→ Exercise aim
In the records below, find the line with "have L_half : 1" and the line with "Definition witness_weight (c". Print both exactly, along with every line between them, and no other line.

┌─ Provided data

(* There is an absolute constant $C>0$ such that the following holds. Let $\varepsilon\in(0,1/2]$ and let $A$ be an $n\times n$ random matrix with i.i.d. entries satisfying $\mathbb{E}A_{ij}^2\le1$ and such that almost surely each entry satisfies either $A_{ij}=0$ or $\sqrt n/2\le|A_{ij}|\le 5\sqrt n/\sqrt{\varepsilon}$. Then with probability at least $1-2\exp(-\varepsilon n/4)$ there exist $I,J\subset[n]$ with $|I|,|J|\le\varepsilon n$ such that the matrix $\tilde A$ obtained from $A$ by replacing all entries with indices in $I\times J$ by zero satisfies $$\|\tilde A\|\le\frac{C\ln(\varepsilon^{-1})}{\sqrt\varepsilon}\sqrt n.$$
   Context: $\|\cdot\|$ denotes the operator norm (Euclidean norm to Euclidean norm). *)

From HB Require Import structures.
From mathcomp Require Import all_boot all_order all_algebra.
From mathcomp Require Import all_classical all_reals all_analysis.
Set Implicit Arguments. Unset Strict Implicit. Unset Printing Implicit Defensive.
Import Order.TTheory GRing.Theory Num.Theory.
Import numFieldNormedType.Exports.
Local Open Scope classical_set_scope.
Local Open Scope ring_scope.

Definition enorm (R : realType) (n : nat) (v : 'cV[R]_n) : R :=
  Num.sqrt (\sum_(i < n) v i 0 ^+ 2).

Definition opnorm (R : realType) (m n : nat) (M : 'M[R]_(m, n)) : R :=
  sup [set enorm (M *m x) | x in [set x : 'cV[R]_n | enorm x <= 1]].

(* Mutual independence of a finite family of real random variables:
   product rule for preimages of any family of Borel sets (taking B k = setT
   covers every subfamily). *)
Definition mutually_independent (d : measure_display) (T : measurableType d)
  (R : realType) (P : probability T R) (I : finType) (X : I -> T -> R) : Prop :=
  forall B : I -> set R, (forall k, measurable (B k)) ->
    P (\bigcap_(k in [set: I]) (X k @^-1` B k)) = (\prod_(k : I) P (X k @^-1` B k))%E.

Definition identically_distributed (d : measure_display) (T : measurableType d)
  (R : realType) (P : probability T R) (I : Type) (X : I -> T -> R) : Prop :=
  forall k l (B : set R), measurable B -> P (X k @^-1` B) = P (X l @^-1` B).

Definition zero_block (R : realType) (n : nat) (M : 'M[R]_n) (I J : {set 'I_n}) : 'M[R]_n :=
  \matrix_(i, j) (if (i \in I) && (j \in J) then 0 else M i j).

From HB Require Import structures.
From mathcomp Require Import all_boot all_order all_algebra.
From mathcomp Require Import all_classical all_reals all_analysis.
From mathcomp Require Import measurable_realfun ring lra.
Import Order.TTheory GRing.Theory Num.Theory.
Import numFieldNormedType.Exports.
Set Implicit Arguments. Unset Strict Implicit. Unset Printing Implicit Defensive.
Local Open Scope ring_scope.

(* A nonzero entry has modulus at least sqrt n / 2, so by the second-moment
   bound it is nonzero with probability at most q = 4/n.  Call a row heavy if it
   has more than D ~ ln(1/eps) nonzero entries.  If the heavy rows carry more than
   t = eps n / 2 nonzero entries, their supports form a witness: sets F_i, each
   empty or larger than D, of total size s > t, all of whose entries are nonzero,
   which by independence has probability at most q^s.  Since q^s <= e^{-t} (e q)^s,
   the sum over witnesses factorises over the rows and is at most e^{-eps n / 4}
   once D > ln(1/eps) + 4 e^2 + ln 4; the same holds for columns.  Outside these
   events let I be the heavy rows plus the supports of the heavy columns, and J
   the heavy columns plus the supports of the heavy rows.  Both have at most
   eps n elements, and every nonzero entry in a heavy row or column lies in I x J,
   so after zeroing I x J each row and column has at most D nonzero entries, of
   modulus at most 5 sqrt n / sqrt eps; Schur's test bounds the operator norm by
   D times that. *)

Section arithmetic.
Variable R : realType.

Lemma exprD1_le_expR (x : R) (n : nat) : 0 <= 1 + x -> (1 + x) ^+ n <= expR (n%:R * x).
Proof.
by move=> x1; rewrite expRM_natl lerXn2r ?nnegrE ?expR_ge0 ?expR_ge1Dx.
Qed.

Lemma witness_bound_le_expR (n D : nat) (c q t : R) : 0 <= c -> 0 <= q -> q * n%:R <= 4 ->
  expR (- t) * (1 + expR (- D%:R) * (1 + c * q) ^+ n) ^+ n
  <= expR (n%:R * expR (4 * c - D%:R) - t).
Proof.
move=> c0 q0 qn.
have inner : (1 + c * q) ^+ n <= expR (4 * c).
  apply: le_trans (exprD1_le_expR n _) _; first by rewrite addr_ge0 ?mulr_ge0.
  by rewrite ler_expR; nra.
have outer : expR (- D%:R) * (1 + c * q) ^+ n <= expR (4 * c - D%:R).
  by rewrite expRD [X in _ <= X]mulrC ler_wpM2l ?expR_ge0.
rewrite expRD mulrC ler_wpM2r ?expR_ge0 //.
apply: le_trans (exprD1_le_expR n _) _.
  by rewrite addr_ge0 ?mulr_ge0 ?expR_ge0 ?exprn_ge0 ?addr_ge0 ?mulr_ge0.
by rewrite ler_expR ler_wpM2l.
Qed.

Lemma le_ln_inv (x : R) : 0 < x -> 1 - x <= ln x^-1.
Proof.
move=> x0; rewrite lnV ?posrE //.
by have := expR_ge1Dx (ln x); rewrite lnK ?posrE //; lra.
Qed.

Lemma exists_degree_threshold (eps : R) : 0 < eps -> eps <= 1 / 2 ->
  exists D : nat, expR (4 * expR 1 ^+ 2 - D%:R) <= eps / 4 /\
    D%:R <= (3 + 8 * expR 1 ^+ 2 + 2 * ln 4) * ln eps^-1.
Proof.
(* D is the least integer above L + 4 e^2 + ln 4, where L = ln(1/eps) >= 1/2. *)
move=> eps0 eps_half; set L := ln eps^-1; pose c : R := 4 * expR 1 ^+ 2 + ln 4.
have L_half : 1 / 2 <= L by apply: le_trans (le_ln_inv eps0); lra.
have c0 : 0 <= c by rewrite addr_ge0 ?mulr_ge0 ?exprn_ge0 ?expR_ge0 ?ln_ge0 //; lra.
have /andP[trunc_le lt_trunc] : (Num.truncn (L + c))%:R <= L + c < (Num.truncn (L + c)).+1%:R.
  by apply: truncn_itv; rewrite addr_ge0 //; lra.
exists (Num.truncn (L + c)).+1; split.
  have -> : eps / 4 = expR (- L - ln 4).
    by rewrite expRB /L lnV ?posrE // opprK !lnK ?posrE.
  by rewrite ler_expR; move: lt_trunc; rewrite /c; lra.
by move: trunc_le; rewrite -natr1 /c; nra.
Qed.

End arithmetic.

Section heavy_witness.
Variables (R : realType) (I J : finType) (D : nat).

Lemma sum_expr_card_sets (c : R) : \sum_(G : {set J}) c ^+ #|G| = (1 + c) ^+ #|J|.
Proof.
rewrite addrC -prodr_const bigA_distr; apply: eq_bigr => G _.
by rewrite -big_mkcond /= prodr_const.
Qed.

Definition heavy_witness (t : R) (F : {ffun I -> {set J}}) : bool :=
  [forall i, (#|F i| == 0) || (D < #|F i|)]%N && (t < (\sum_i #|F i|)%:R).

Definition witness_weight (c : R) (G : {set J}) : R :=
  if #|G| == 0%N then 1 else expR (- D%:R) * c ^+ #|G|.

Lemma witness_weight_ge0 (c : R) (G : {set J}) : 0 <= c -> 0 <= witness_weight c G.
Proof.
by move=> c0; rewrite /witness_weight; case: ifP => _; rewrite ?mulr_ge0 ?expR_ge0 ?exprn_ge0.
Qed.

Lemma expr_le_witness_weight (q : R) (G : {set J}) : 0 <= q -> ((#|G| == 0) || (D < #|G|))%N ->
  (expR 1 * q) ^+ #|G| <= witness_weight (expR 1 ^+ 2 * q) G.
Proof.
move=> q0; rewrite /witness_weight; case: ifP => [/eqP -> _|_ /= DG]; first by rewrite expr0.
have -> : (expR 1 ^+ 2 * q) ^+ #|G| = expR 1 ^+ #|G| * (expR 1 * q) ^+ #|G|.
  by rewrite -exprMn expr2 mulrA.
rewrite mulrA ler_peMl ?exprn_ge0 ?mulr_ge0 ?expR_ge0 //.
by rewrite -expRM_natl mulr1 -expRD -[X in X <= _]expR0 ler_expR addrC subr_ge0 ler_nat ltnW.
Qed.

Lemma sum_witness_weight_le (c : R) : 0 <= c ->
  \sum_G witness_weight c G <= 1 + expR (- D%:R) * (1 + c) ^+ #|J|.
Proof.
move=> c0; rewrite (bigD1 finset.set0) //= /witness_weight cards0 eqxx lerD2l.
rewrite -sum_expr_card_sets big_distrr [X in _ <= X](bigD1 finset.set0) //= ler_wpDl //.
  by rewrite mulr_ge0 ?expR_ge0 ?exprn_ge0.
by apply: ler_sum => G; rewrite -cards_eq0 => /negbTE ->.
Qed.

└─

→ Exercise result
have L_half : 1 / 2 <= L by apply: le_trans (le_ln_inv eps0); lra.
have c0 : 0 <= c by rewrite addr_ge0 ?mulr_ge0 ?exprn_ge0 ?expR_ge0 ?ln_ge0 //; lra.
have /andP[trunc_le lt_trunc] : (Num.truncn (L + c))%:R <= L + c < (Num.truncn (L + c)).+1%:R.
  by apply: truncn_itv; rewrite addr_ge0 //; lra.
exists (Num.truncn (L + c)).+1; split.
  have -> : eps / 4 = expR (- L - ln 4).
    by rewrite expRB /L lnV ?posrE // opprK !lnK ?posrE.
  by rewrite ler_expR; move: lt_trunc; rewrite /c; lra.
by move: trunc_le; rewrite -natr1 /c; nra.
Qed.

End arithmetic.

Section heavy_witness.
Variables (R : realType) (I J : finType) (D : nat).

Lemma sum_expr_card_sets (c : R) : \sum_(G : {set J}) c ^+ #|G| = (1 + c) ^+ #|J|.
Proof.
rewrite addrC -prodr_const bigA_distr; apply: eq_bigr => G _.
by rewrite -big_mkcond /= prodr_const.
Qed.

Definition heavy_witness (t : R) (F : {ffun I -> {set J}}) : bool :=
  [forall i, (#|F i| == 0) || (D < #|F i|)]%N && (t < (\sum_i #|F i|)%:R).

Definition witness_weight (c : R) (G : {set J}) : R :=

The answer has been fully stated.